Mat Rogers’s paintings present the sublime anonymity of the urban condition, with its simultaneously liberating and alienating effects, its freedom and its loneliness. This is represented, here, through scenes of crowds, in various modes and speeds of movement. All of the scenes are observed from an elevated position, with a detached eye that looks dispassionately down, seeking grain and texture, the pattern within an ever-shifting dynamic system. It selects instants and then frames them, freezes these complex interlocking tracks and trajectories, into moments of proximity and propinquity and abstract formal relation. Rogers frames the syncopated rhythms of urban life, the pace and the stillness, the urgency and the calm.

Rarely do the solitary figures in these paintings address one another, indicate any relation or intimacy, incline together. Rogers shows us the loose camaraderie of strangers in a mass, and the compositions that open and close instantaneously with their passage. He captures the state of being alone within an urban crowd: the runner, the newspaper reader, the figure who waits, abstractedly, to cross the street.

But there is also an attention to the space between, the absence where someone has just stepped away, the field around and between these bodies as they move through space. And in the same way, Rogers meanders between abstraction and figuration. His paintings hold to the human figure just as they erode it, rub it away, efface and blur and paint it over.
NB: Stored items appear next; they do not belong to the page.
Definition F_tau (tau : R) (n : nat) (lam : nat -> R) : R :=
  rsum n (fun i => g_tau tau (lam i)).

Definition upd (lam : nat -> R) (i : nat) (x : R) : nat -> R :=
  fun j => if Nat.eq_dec j i then x else lam j.

Definition swap (lam : nat -> R) (i j : nat) : nat -> R :=
  fun k => if Nat.eq_dec k i then lam j else if Nat.eq_dec k j then lam i else lam k.

Definition partial_F (tau : R) (n : nat) (lam : nat -> R) (i : nat) (d : R) : Prop :=
  derivable_pt_lim (fun x => F_tau tau n (upd lam i x)) (lam i) d.

Definition ordered (n : nat) (lam : nat -> R) : Prop :=
  forall i j, (i <= j)%nat -> (j < n)%nat -> lam i <= lam j.

(* Gamma^+_{]mu1,mu2[} (indices shifted: lam_1 = lam 0, lam_n = lam (n-1)) *)
Definition Gamma_mu (n : nat) (mu1 mu2 : R) (lam : nat -> R) : Prop :=
  ordered n lam /\ 0 <= lam 0%nat /\ lam 0%nat <= mu1 /\ mu2 <= lam (n - 1)%nat.

Definition L_set (tau : R) (n : nat) (Y : R) : Prop :=
  exists lam, ordered n lam /\ (forall i, (i < n)%nat -> 0 < lam i) /\ Y = F_tau tau n lam.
The process of making the paintings is one of subtraction, of figures painted and sanded away and then painted again, taking on different configurations and comportments each time. Sometimes by the end there is barely a figure left at all; what remains is a vestige, a patinaed surface with the linear, scratched quality of an etching. There is a play, then, between the gritty texture and depth of the figures, and the glossy, flat surface of the colour field between them. But throughout the series, the human figure remains ever present. Whether as a solid, drawn body, or a faint dark trace hovering beneath a coloured surface, or a series of abstracted bobbing heads, floating as through fog or haze, or, finally, as a silhouetted restless line – the figure, that link to the world, always endures.